Discrimination a common problem in pvt schools

Pranita Roy
Thursday, 29 March 2018

The purpose of RTE seems to be defeated as the act, in its ninth year, is still to come out of teething troubles. Even as problems related to admissions under the 25 per cent quota persist, cases of children facing humiliation and harassment at schools are surfacing from every nook and corner of the country.

PUNE: The Right of Children to Free and Compulsory Education (RTE) Act, 2009 was aimed at bringing children from economically weaker sections (EWS) and underprivileged children in the age group of six to 14 years to school. Thus, these children were entitled to get admissions at private schools and schools were to reserve 25 per cent seats at the entry level for these children.

As per section 8 (c) and section 9 (c) of the RTE Act, it is the responsibility of the State government or local authority and private schools to ensure that EWS children are not discriminated at any stage.

Incidentally, Maharashtra provides an extensive list of discriminatory practices that children from EWS are to be protected from. These include segregation of or discrimination against children of EWS in schools – whether in classroom, playground, during mid-day meals, use of common drinking-water and toilet facilities, or cleaning of toilets and classrooms.

However, all these provisions remain only on paper. According to social and RTE activists, the scenario of students after admission in private schools is worse than expected. About a month ago, students were ill-treated at a private city school. They were not allowed to participate in cultural or sports activities and were made to sit separately. Activists remarked that RTE students need to be given special attention as they come from weaker sections and most of their parents are unable to assist them in studies. But schools do not pay attention to these children.

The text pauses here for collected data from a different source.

(* (a) Let $n\ge 7$ and let $TL_n(a,a-1,1)$ be a 6-valent first-kind Frobenius circulant with cyclic kernel, where $n\equiv 1 \pmod 6$ and $a$ is a solution of $x^2-x+1\equiv 0 \pmod n$. Then $TL_n(a,a-1,1)$ is isomorphic to $EJ_\alpha$ for some $\alpha=c+d\rho\in\mathbb{Z}[\rho]$ with $\gcd(c,d)=1$. Moreover, letting $k$ be the integer defined by $a^2-a+1=kn$, one has $\alpha=(rn+m)+(sn-ma)\rho$, or $\alpha=(rn+m)+(sn+m(a-1))\rho$, or $\alpha=(rn+ma)+(sn-m(a-1))\rho$, where $(m,r,s)$ is an integer solution of, respectively, $$km^2-[(a-2)r+(2a-1)s]m+(r^2+rs+s^2)n=1,$$ $$km^2+[(a+1)r+(2a-1)s]m+(r^2+rs+s^2)n=1,$$ $$km^2+[(a+1)r-(a-2)s]m+(r^2+rs+s^2)n=1.$$ (b) Let $\alpha=c+d\rho\in\mathbb{Z}[\rho]$ with $N(\alpha)\ge 7$ and $\gcd(c,d)=1$. Then $EJ_\alpha$ is isomorphic to a 6-valent first-kind Frobenius circulant with cyclic kernel if and only if $N(\alpha)\equiv 1 \pmod 6$.
   Context: $\rho=(1+\sqrt{-3})/2$, $\mathbb{Z}[\rho]=\{x+y\rho: x,y\in\mathbb{Z}\}$ is the ring of Eisenstein-Jacobi integers with norm $N(x+y\rho)=x^2+xy+y^2$. For $0\ne\alpha\in\mathbb{Z}[\rho]$ with $N(\alpha)\ge 7$, the Eisenstein-Jacobi graph $EJ_\alpha$ is the Cayley graph on the additive group of $\mathbb{Z}[\rho]/(\alpha)$ with connection set $\{\pm[1]_\alpha,\pm[\rho]_\alpha,\pm[\rho^2]_\alpha\}$, i.e. $[\xi]_\alpha,[\eta]_\alpha$ are adjacent iff their difference is one of these six classes. For $n\ge 7$, $\mathbb{Z}_n$ denotes integers mod $n$ with classes $[m]$ and unit group $\mathbb{Z}_n^*$ acting by multiplication; $\mathrm{Cay}(K,S)$ is the Cayley graph ($x\sim y$ iff $xy^{-1}\in S$); $TL_n(a,b,c)=\mathrm{Cay}(\mathbb{Z}_n,\{\pm[a],\pm[b],\pm[c]\})$ when $a,b,c,n-a,n-b,n-c$ are pairwise distinct mod $n$. A Frobenius group is a transitive, non-regular permutation group in which only the identity fixes two points; a finite one is $K\rtimes H$ with regular normal kernel $K$ and point stabiliser $H$ acting on $K$ by conjugation. A first-kind $K\rtimes H$-Frobenius graph is $\mathrm{Cay}(K,s^H)$ with $\langle s^H\rangle=K$ and $|H|$ even or $s$ an involution. A 6-valent first-kind Frobenius circulant with cyclic kernel is a 6-valent $TL_n(a,b,c)$ that is a first-kind $\mathbb{Z}_n\rtimes H$-Frobenius graph for some $H\le \mathbb{Z}_n^*$ with $\mathbb{Z}_n\rtimes H$ (acting by $[x]^{([y],[m])}=[(x+y)m]$) a Frobenius group with kernel $\mathbb{Z}_n$. *)

From HB Require Import structures.
From mathcomp Require Import all_boot all_order all_algebra all_fingroup.
Set Implicit Arguments. Unset Strict Implicit. Unset Printing Implicit Defensive.
Import Order.TTheory GRing.Theory Num.Theory.
Local Open Scope ring_scope.

(* x + y rho is encoded by the pair (x, y); rho^2 = rho - 1. *)
Definition ej := (int * int)%type.

Definition ej_add (u v : ej) : ej := (u.1 + v.1, u.2 + v.2).
Definition ej_sub (u v : ej) : ej := (u.1 - v.1, u.2 - v.2).
(* (a + b rho)(c + d rho) = (ac - bd) + (ad + bc + bd) rho *)
Definition ej_mul (u v : ej) : ej :=
  (u.1 * v.1 - u.2 * v.2, u.1 * v.2 + u.2 * v.1 + u.2 * v.2).
Definition ej_norm (u : ej) : int := u.1 ^+ 2 + u.1 * u.2 + u.2 ^+ 2.

Definition ej_cong (alpha xi eta : ej) : Prop :=
  exists gamma : ej, ej_sub xi eta = ej_mul alpha gamma.

(* the six units 1, rho, rho^2 = -1 + rho and their negatives *)
Definition ej_units : seq ej :=
  [:: (1, 0); (-1, 0); (0, 1); (0, -1); (-1, 1); (1, -1)].

Definition ej_adj (alpha xi eta : ej) : Prop :=
  exists2 u, u \in ej_units & ej_cong alpha (ej_sub xi eta) u.
Lemma feasibleP2_objP5 k l t : feasibleP2 L u a k l t ->
  0 < objP5 L u a k /\ (objP5 L u a k)^-1 <= t.
Proof.
move=> [covered [_ l0]]; pose m0 := Ordinal M_gt0.
have t_gt0 : 0 < t.
  rewrite ltNge; apply/negP => t_le0; have := covered m0.
  by rewrite EXm_nonpos_time // subr0 lt_geF ?L_gt0.
have [m [-> _]] := objP5_min k.
have rate_ge : 1 <= t * master_rate k m.
  have := covered m; have := EXm_le k (ltW t_gt0) (l0 m); have := L_gt0 m; nra.
have rate_gt0 : 0 < master_rate k m by nra.
by split => //; rewrite -div1r ler_pdivrMr.
Qed.

Lemma feasibleP2_opt_load k : assignment k -> 0 < objP5 L u a k ->
  feasibleP2 L u a k (opt_load (objP5 L u a k)^-1) (objP5 L u a k)^-1.
Proof.
have [m [-> m_min]] := objP5_min k => k_asg rate_gt0.
split; [move=> m' | split => // m' n].
  rewrite EXm_opt_load ?invr_gt0 // subr_le0.
  rewrite mulrAC ler_peMl ?(ltW (L_gt0 m')) // mulrC ler_pdivlMr // mul1r.
  exact: m_min.
by rewrite /opt_load divr_ge0 ?invr_ge0 ?ltW ?phi_gt0.
Qed.

Lemma optimalP2_optimalP5 k l t : optimalP2 L u a k l t -> optimalP5 L u a k.
Proof.
move=> [kt_feas kt_min]; have [obj_gt0 obj_le] := feasibleP2_objP5 kt_feas.
split => [|k' k'_asg]; first exact: kt_feas.2.1.
have [k'_le0|k'_gt0] := lerP (objP5 L u a k') 0.
  exact: le_trans k'_le0 (ltW obj_gt0).
rewrite -lef_pV2 ?posrE //; apply: le_trans obj_le _.
exact: kt_min (feasibleP2_opt_load k'_asg k'_gt0).
Qed.

Definition diag_assignment (m : 'I_M) (n : 'I_N) := val m == val n.

Lemma assignment_diag : assignment diag_assignment.
Proof.
move=> n; rewrite /diag_assignment; case: (ltnP n M) => [n_lt|n_ge].
  rewrite (bigD1 (Ordinal n_lt)) //= eqxx big1 // => m m_neq.
  by case: eqP => // m_n; case/eqP: m_neq; apply: val_inj.
rewrite big1 // => m _; case: eqP => // m_n.
by move: (ltn_ord m); rewrite m_n ltnNge n_ge.
Qed.

Lemma objP5_diag_gt0 : 0 < objP5 L u a diag_assignment.
Proof.
have [m [-> _]] := objP5_min diag_assignment.
rewrite /master_rate (bigD1 (widen_ord M_le_N m)) //= /diag_assignment eqxx mul1r.
apply: ltr_pwDl; first exact: v_gt0.
by apply: sumr_ge0 => n _; rewrite mulr_ge0 ?ler0n ?ltW ?v_gt0.
Qed.

Lemma exists_optimalP5 : exists k, optimalP5 L u a k.
Proof.
have [k k_asg k_max] := exists_maximizer (objP5 L u a) assignment_diag.
by exists k.
Qed.

Lemma optimalP5_optimalP2 k : optimalP5 L u a k ->
  optimalP2 L u a k (opt_load (objP5 L u a k)^-1) (objP5 L u a k)^-1.
Proof.
move=> [k_asg k_max].
have obj_gt0 : 0 < objP5 L u a k := lt_le_trans objP5_diag_gt0 (k_max _ assignment_diag).
split => [|k' l' t' k't'_feas]; first exact: feasibleP2_opt_load.
have [obj'_gt0 obj'_le] := feasibleP2_objP5 k't'_feas.
apply: le_trans obj'_le; rewrite lef_pV2 ?posrE //.
exact/k_max/k't'_feas.2.1.
Qed.

Lemma optimalP2_objP5 k l t : optimalP2 L u a k l t -> t = (objP5 L u a k)^-1.
Proof.
move=> [kt_feas kt_min]; have [obj_gt0 obj_le] := feasibleP2_objP5 kt_feas.
apply/le_anti; rewrite obj_le andbT.
exact/kt_min/feasibleP2_opt_load/obj_gt0/kt_feas.2.1.
Qed.

Lemma optimalP5_objP5 k k' : optimalP5 L u a k -> optimalP5 L u a k' ->
  objP5 L u a k = objP5 L u a k'.
Proof. by move=> [k_asg k_max] [k'_asg k'_max]; apply/le_anti; rewrite k_max ?k'_max. Qed.

End Assignment.

Theorem proposition1 (R : realType) (M N : nat)
  (L : 'I_M -> R) (u a : 'I_M -> 'I_N -> R)
  (hM : (0 < M)%N) (hNM : (M < N)%N)
  (hL : forall m, 0 < L m)
  (hu : forall m n, 0 < u m n) (ha : forall m n, 0 < a m n) :
  (* for each fixed assignment, the minimal t over loads is 1 / objP5 k *)
  (forall k, assignment k ->
     (forall l t, feasibleP2 L u a k l t ->
        0 < objP5 L u a k /\ (objP5 L u a k)^-1 <= t) /\
     (0 < objP5 L u a k -> exists l, feasibleP2 L u a k l (objP5 L u a k)^-1)) /\
  (* an assignment is optimal for P2 iff it is optimal for P5 *)
  (forall k, (exists l t, optimalP2 L u a k l t) <-> optimalP5 L u a k) /\
  (* optimal values are reciprocal *)
  (exists k l t, optimalP2 L u a k l t) /\
  (forall k l t k', optimalP2 L u a k l t -> optimalP5 L u a k' ->
     t = (objP5 L u a k')^-1).
Proof.
have hMN := ltnW hNM.
split=> [k k_asg|]; first split=> [l t|obj_gt0].
- exact: feasibleP2_objP5.
- by eexists; exact: feasibleP2_opt_load.
split=> [k|]; first split=> [[l [t kt_opt]]|k_opt].
- exact: optimalP2_optimalP5 kt_opt.
- by do 2 eexists; exact: optimalP5_optimalP2.
split=> [|k l t k' kt_opt k'_opt].
- have [k k_opt] := exists_optimalP5 L u a.
  by do 3 eexists; exact: optimalP5_optimalP2 k_opt.
rewrite (optimalP2_objP5 hL hu ha hM kt_opt); congr (_^-1).
exact: optimalP5_objP5 (optimalP2_optimalP5 hL hu ha hM kt_opt) k'_opt.
Qed.
Lemma ex_RInt_wnu nu : forall om sg c d a b, ex_RInt (wnu k nu om sg c d) a b.
Proof.
  induction nu as [|nu IH]; intros.
  - cbn [wnu]. ex_RInt_tac.
  - apply ex_RInt_ext with (fun y => own_part k om c d y + sumR (k - 1)
      (fun m => wnu k nu (2 * om) (sg / 2) (child_l c d m) (child_r c d m) y)).
    + intros; symmetry; apply wnu_S.
    + apply ex_RInt_Rplus; [apply ex_RInt_own_part | apply ex_RInt_sumR; auto].
Qed.

Lemma wnu_O_le om sg c d y : 0 <= om -> wnu k 0 om sg c d y <= 2 * om.
Proof.
  intros Hom. pose proof (sqrt_pp_pos k hk). pose proof (uu_pos k hk).
  assert (0 < / uu k) by (apply Rinv_0_lt_compat; auto).
  pose proof (chi_bounds c ((c + d) / 2) y). pose proof (chi_bounds ((c + d) / 2) d y).
  cbn [wnu]. replace (2 * om) with (om / sqrt (pp k) * (uu k + / uu k))
    by (rewrite uu_add_inv by auto; field; lra).
  apply Rmult_le_compat_l; [apply Rdiv_le_0_compat|]; nra.
Qed.

Lemma wnu_O_le_chi om sg c d y : c < d -> 0 <= om -> wnu k 0 om sg c d y <= 2 * om * chi c d y.
Proof.
  intros H Hom. destruct (classic (c <= y < d)).
  - rewrite chi_in by auto. pose proof (wnu_O_le om sg c d y Hom). lra.
  - rewrite wnu_out, chi_out by auto. lra.
Qed.

Lemma wnu_le_first_third nu om sg c d y : c < d -> 0 <= om ->
  c <= y < c + (d - c) / 3 -> wnu k nu om sg c d y <= 2 * om.
Proof.
  intros H Hom Hy. destruct nu as [|nu]; [apply wnu_O_le; auto|].
  rewrite wnu_S, sumR_zero.
  - pose proof (own_part_le om c d y Hom). lra.
  - intros m _. pose proof (child_bounds c d m H). apply wnu_out; lra.
Qed.

Lemma RInt_wnu_S nu om sg c d a b : RInt (wnu k (S nu) om sg c d) a b =
  RInt (own_part k om c d) a b
  + sumR (k - 1) (fun m => RInt (wnu k nu (2 * om) (sg / 2) (child_l c d m) (child_r c d m)) a b).
Proof.
  rewrite (RInt_ext _ (fun y => own_part k om c d y + sumR (k - 1)
    (fun m => wnu k nu (2 * om) (sg / 2) (child_l c d m) (child_r c d m) y)))
    by (intros; apply wnu_S).
  rewrite RInt_Rplus, RInt_sumR; auto using ex_RInt_own_part, ex_RInt_sumR, ex_RInt_wnu.
Qed.

Lemma RInt_wnu_clamp nu om sg c d a b : c < d -> a <= b ->
  RInt (wnu k nu om sg c d) a b = RInt (wnu k nu om sg c d) (clamp a b c) (clamp a b d).
Proof.
  intros H Hab. apply RInt_clamp; auto using ex_RInt_wnu; [lra|].
  intros y Hy; apply wnu_out; lra.
Qed.

Lemma RInt_wnu_total nu :
  forall om sg c d, c < d -> RInt (wnu k nu om sg c d) c d = om * (d - c) :> R.
Proof.
  induction nu as [|nu IH]; intros om sg c d H.
  - cbn [wnu]. pose proof (sqrt_pp_pos k hk). pose proof (uu_pos k hk). pose proof (uu_add_inv k hk).
    rewrite RInt_Rscal, RInt_Rplus, !RInt_Rscal, !RInt_chi_within by (lra || ex_RInt_tac).
    replace (uu k * ((c + d) / 2 - c) + / uu k * (d - (c + d) / 2))
      with ((uu k + / uu k) * ((d - c) / 2)) by (field; lra).
    rewrite uu_add_inv by auto. field. lra.
  - rewrite RInt_wnu_S, RInt_own_part by auto.
    rewrite (sumR_ext _ _ (fun m => 2 * om * tail_len c d (S m))).
    + rewrite sumR_scal, tail_len_geometric, tail_len_pred, tail_len_k by lia.
      unfold tail_len; simpl; lra.
    + intros m _. pose proof (child_bounds c d m H).
      rewrite RInt_wnu_clamp by lra.
      replace (clamp c d (child_l c d m)) with (child_l c d m) by clamp_tac.
      replace (clamp c d (child_r c d m)) with (child_r c d m) by clamp_tac.
      rewrite IH by lra. unfold child_l, child_r; lra.
Qed.

Lemma RInt_wnu_S_le nu om sg c d a b : c < d -> 0 <= om -> a <= b ->
  RInt (wnu k (S nu) om sg c d) a b <= 2 * om * RInt (chi c d) a b
  + sumR (k - 1) (fun m =>
      RInt (wnu k nu (2 * om) (sg / 2) (child_l c d m) (child_r c d m)) a b
      - 2 * om * RInt (chi (child_l c d m) (child_r c d m)) a b).
Proof.
  intros H Hom Hab. rewrite RInt_wnu_S, sumR_minus, sumR_scal.
  assert (Hex : ex_RInt (children_ind k c d) a b) by (unfold children_ind; ex_RInt_tac).
  assert (Hown : RInt (own_part k om c d) a b
          <= RInt (fun y => 2 * om * (chi c d y - children_ind k c d y)) a b).
  { apply RInt_le; auto using ex_RInt_own_part, own_part_le_children.
    apply ex_RInt_Rscal, ex_RInt_Rminus; auto using ex_RInt_chi. }
  rewrite RInt_Rscal, RInt_Rminus in Hown by auto using ex_RInt_chi, ex_RInt_Rminus.
  unfold children_ind in Hown.
  rewrite (RInt_sumR _ (fun m => chi (child_l c d m) (child_r c d m))) in Hown
    by (intros; apply ex_RInt_chi).
  lra.
Qed.

Lemma RInt_wnu_left_edge nu om sg c d b : c < d -> 0 <= om -> c <= b <= d ->
  RInt (wnu k nu om sg c d) c b <= 3 * om * (b - c).
Proof.
  intros H Hom Hb. destruct (Rle_lt_dec b (c + (d - c) / 3)).
  - apply Rle_trans with (2 * om * (b - c)); [|nra].
    apply RInt_le_const; auto using ex_RInt_wnu; [lra|].
    intros; apply wnu_le_first_third; auto; lra.
  - apply Rle_trans with (RInt (wnu k nu om sg c d) c d).
    + apply RInt_mono_domain; auto using ex_RInt_wnu, wnu_nonneg; lra.
    + rewrite RInt_wnu_total by auto. nra.
Qed.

Either they are not given homework or their class work is not checked properly.

“Unfortunately, reports of a child facing discrimination and humiliation are common now and 70 to 80 per cent of private schools put a label on these students, which is discriminatory. They are made to sit separately in class and not allowed to participate in co-curricular events. This badly impacts students, who feel inferior," said Rohini Hulgane, project co-ordinator at Swadhar Akshardeep, which works towards welfare of RTE children.

A majority of private schools demand extra fees from parents of RTE students in the name of extra classes, co-curricular activities, said Hulgane. "Being ignorant about RTE's provisions, that even the co-curricular activities are paid for by the government, the parents opt out of the admission process," added Hulgane.

Matin Mujawar, president of Shikshan Hakka Manch, said the State government should be held responsible for such circumstances. “Not that schools are less responsible, but the fact is that the government does not reimburse the schools on time. Similarly, the schools try to get rid of RTE students by purposefully creating such circumstances for the child that the parents by themselves opt out of the school. If schools are properly reimbursed, then the problem might not arise,” said Mujawar.

National Commission for Protection of Child Rights (NCPCR), under Section 31 of RTE Act, is to examine safeguards of the rights provided under the act and recommend measures for effective implementation. An officer needs to supervise whether the child, after admission, is receiving proper education and facilities at school. Unfortunately, no officer has been deployed so far. Till July 2017, MSCPCR received 62 complaints.

"All the complaints received at child's right commission are addressed case wise and resolved. Generally, we try to resolve the case at the local authority instead of going to higher authorities. Also, it has been observed that parents do not come forward to complain. They are in the dark about the fact that no school under RTE can expel a child until he or she completes Std X. Therefore, the commission is trying to counsel parents and create awareness so that if any such incident occurs, they at least complain,” said Pravin Gugge, Chairman of Maharashtra State Commission for Protecting Child Rights (MSCPCR).

Education Officer of Pune Municipal Corporation (PMC), Shivaji Daundkar echoed a similar feeling. “Issues related to RTE are dealt with case-wise. It is necessary to survey what happens after giving admission to these children. We will try to do it from this academic year.”